Common side effects of Imbruvica include bruising, diarrhea, fatigue, low levels of blood platelets (thrombocytopenia), muscle spasms, swelling and sores in the mouth (stomatitis), nausea, severe bleeding (hemorrhage), low levels of red blood cells (anemia) and lung infection (pneumonia).

Serious side effects of Imbruvica include infections, severe bleeding, low levels of blood cells, high blood pressure, irregular heartbeat, new cancers (second primary malignancies) and metabolic abnormalities. Women who are pregnant or breastfeeding should not take Imbruvica because it may cause harm to a developing fetus or a newborn baby.

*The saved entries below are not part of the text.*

(* Let $G$ be a graph and $X$ an $\operatorname{IR}(G)$-set. Then every flip-set $X'$ of $X$ is also an $\operatorname{IR}(G)$-set.
   Context: All graphs are finite and simple. For a graph $G=(V,E)$, $D\subseteq V$ and $v\in D$, $\operatorname{PN}(v,D)=N[v]-N[D-\{v\}]$ (closed neighbourhoods) and the set of external private neighbours is $\operatorname{EPN}(v,D)=\operatorname{PN}(v,D)-D$. A set $D$ is irredundant if $\operatorname{PN}(v,D)\neq\varnothing$ for every $v\in D$; $\operatorname{IR}(G)$ is the largest cardinality of an irredundant set, and an $\operatorname{IR}(G)$-set is an irredundant set of that cardinality. Flip-set: given an irredundant set $X$, split $X$ into disjoint sets $Y$ and $Z$ (either possibly empty) with $X=Y\cup Z$, such that every vertex of $Z$ is isolated in the induced subgraph $G[X]$ and every vertex $y\in Y$ has $\operatorname{EPN}(y,X)\neq\varnothing$; choose $y'\in\operatorname{EPN}(y,X)$ for each $y\in Y$ and let $Y'=\{y':y\in Y\}$. Then $X'=(X-Y)\cup Y'$ is called a flip-set of $X$ (using $Y'$). *)

From mathcomp Require Import all_boot.
Set Implicit Arguments. Unset Strict Implicit. Unset Printing Implicit Defensive.

Section Graph.
Variables (T : finType) (e : rel T).

Definition simple_graph := symmetric e /\ irreflexive e.

Definition cnbhd (v : T) : {set T} := [set u | (u == v) || e v u].
Definition cnbhdS (S : {set T}) : {set T} := \bigcup_(v in S) cnbhd v.

Definition PN (v : T) (D : {set T}) : {set T} := cnbhd v :\: cnbhdS (D :\ v).
Definition EPN (v : T) (D : {set T}) : {set T} := PN v D :\: D.

Definition irredundant (D : {set T}) : Prop := forall v, v \in D -> PN v D != set0.

Definition IR_set (X : {set T}) : Prop :=
  irredundant X /\ forall D : {set T}, irredundant D -> #|D| <= #|X|.

Definition isolated_in (X : {set T}) (z : T) : Prop := forall x, x \in X -> ~~ e z x.

(* X' is a flip-set of X: X = Y (disjoint union) Z, vertices of Z isolated in G[X],
   each y in Y gets a chosen y' = f y in EPN(y,X), Y' = f @: Y, X' = (X - Y) u Y'. *)
Definition flip_set (X X' : {set T}) : Prop :=
  exists (Y Z : {set T}) (f : T -> T),
    [/\ [disjoint Y & Z], X = Y :|: Z,
        (forall z, z \in Z -> isolated_in X z),
        (forall y, y \in Y -> f y \in EPN y X) &
        X' = (X :\: Y) :|: (f @: Y)].
End Graph.

From mathcomp Require Import all_boot.

Set Implicit Arguments.
Unset Strict Implicit.
Unset Printing Implicit Defensive.

(* If every vertex x of a set X is sent to one of its own private neighbours
   g x in PN(x, X), then x is a private neighbour of g x with respect to the
   image g(X): x lies in N[g x], and x in N[g x'] would put g x' in N[x],
   contradicting that g x' is private to x'.  Hence g(X) is irredundant, and
   g is injective on X because private neighbours have a unique owner, so
   |g(X)| = |X| and maximality passes from X to g(X).  A flip-set is such
   an image: g = f on Y, and g = id on the isolated vertices, each of which
   is its own private neighbour. *)

Section PrivateNeighbours.

Variables (T : finType) (e : rel T).

Lemma mem_cnbhd (u v : T) : (u \in cnbhd e v) = (u == v) || e v u.
Proof. by rewrite inE. Qed.

Lemma PNP (u v : T) (D : {set T}) :
  reflect (u \in cnbhd e v /\ {in D :\ v, forall w, u \notin cnbhd e w})
          (u \in PN e v D).
Proof.
rewrite in_setD andbC; apply: (iffP andP) => [[uNv /bigcupP uND] | [uNv uND]].
  by split=> // w wD; apply/negP=> uNw; apply: uND; exists w.
by split=> //; apply/bigcupP=> -[w wD]; apply/negP; apply: uND.
Qed.

Lemma PN_owner_unique (u v w : T) (D : {set T}) :
  v \in D -> u \in PN e v D -> u \in PN e w D -> v = w.
Proof.
move=> vD /PNP[uNv _] /PNP[_ uND]; apply/eqP.
by apply: contraLR uNv => vw; apply: uND; rewrite !inE vw.
Qed.

Hypothesis e_sym : symmetric e.

Lemma cnbhd_sym (u v : T) : (u \in cnbhd e v) = (v \in cnbhd e u).
Proof. by rewrite !mem_cnbhd eq_sym e_sym. Qed.

Lemma isolated_in_PN (X : {set T}) (z : T) :
  isolated_in e X z -> z \in PN e z X.
Proof.
move=> zX; apply/PNP; split=> [|w]; first by rewrite mem_cnbhd eqxx.
rewrite !inE => /andP[wz wX]; rewrite eq_sym (negbTE wz) e_sym.
exact: zX.
Qed.

Section PrivateImage.

Variables (X : {set T}) (g : T -> T).
Hypothesis g_PN : {in X, forall x, g x \in PN e x X}.

Lemma PN_image_inj : {in X &, injective g}.
Proof.
move=> x1 x2 x1X x2X g12; apply: (PN_owner_unique x1X (g_PN x1X)).
by rewrite g12 g_PN.
Qed.

Lemma mem_PN_image (x : T) : x \in X -> x \in PN e (g x) (g @: X).
Proof.
move=> xX; apply/PNP; split=> [|w /setD1P[wgx /imsetP[y yX wE]]].
  by rewrite cnbhd_sym; case/PNP: (g_PN xX).
have yx : x != y by apply: contraNneq wgx => xy; rewrite wE xy.
rewrite {}wE cnbhd_sym; case/PNP: (g_PN yX) => _; apply.
by rewrite !inE yx.
Qed.

Lemma irredundant_PN_image : irredundant e (g @: X).
Proof.
by move=> _ /imsetP[x xX ->]; apply/set0Pn; exists x; apply: mem_PN_image.
Qed.

Lemma card_PN_image : #|g @: X| = #|X|.
Proof. exact: card_in_imset PN_image_inj. Qed.

End PrivateImage.

Lemma flip_set_PN_image (X X' : {set T}) :
  flip_set e X X' ->
  exists g : T -> T, {in X, forall x, g x \in PN e x X} /\ X' = g @: X.
Proof.
case=> Y [Z [f [_ defX Z_iso f_EPN ->]]].
have YX : Y \subset X by rewrite defX subsetUl.
exists (fun x => if x \in Y then f x else x); split.
  move=> x xX; case: ifPn => [xY | xNY].
    by move: (f_EPN x xY); rewrite inE => /andP[].
  by apply/isolated_in_PN/Z_iso; move: xX; rewrite defX inE (negbTE xNY).
rewrite -{2}(setID X Y) (setIidPr YX) imsetU setUC; congr (_ :|: _).
  by apply: eq_in_imset => x ->.
by rewrite -[LHS]imset_id; apply: eq_in_imset => x; rewrite inE => /andP[/negbTE ->].
Qed.

End PrivateNeighbours.

Theorem proposition2p2 (T : finType) (e : rel T) (X X' : {set T}) :
  simple_graph e -> IR_set e X -> flip_set e X X' -> IR_set e X'.
Proof.
move=> [e_sym _] [_ X_max] /(flip_set_PN_image e_sym)[g [g_PN ->]].
split; first exact: irredundant_PN_image.
by rewrite (card_PN_image g_PN).
Qed.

“Patients with cGVHD who do not respond to other forms of therapy --typically corticosteroids to suppress their immune system -- now have a treatment option specifically indicated to treat their condition,” said Richard Pazdur, director of the FDA’s Oncology Center of Excellence. “This approval highlights how a known treatment for cancer is finding a new use in treating a serious and life-threatening condition that may occur in patients with blood cancer who receive a stem cell transplant.”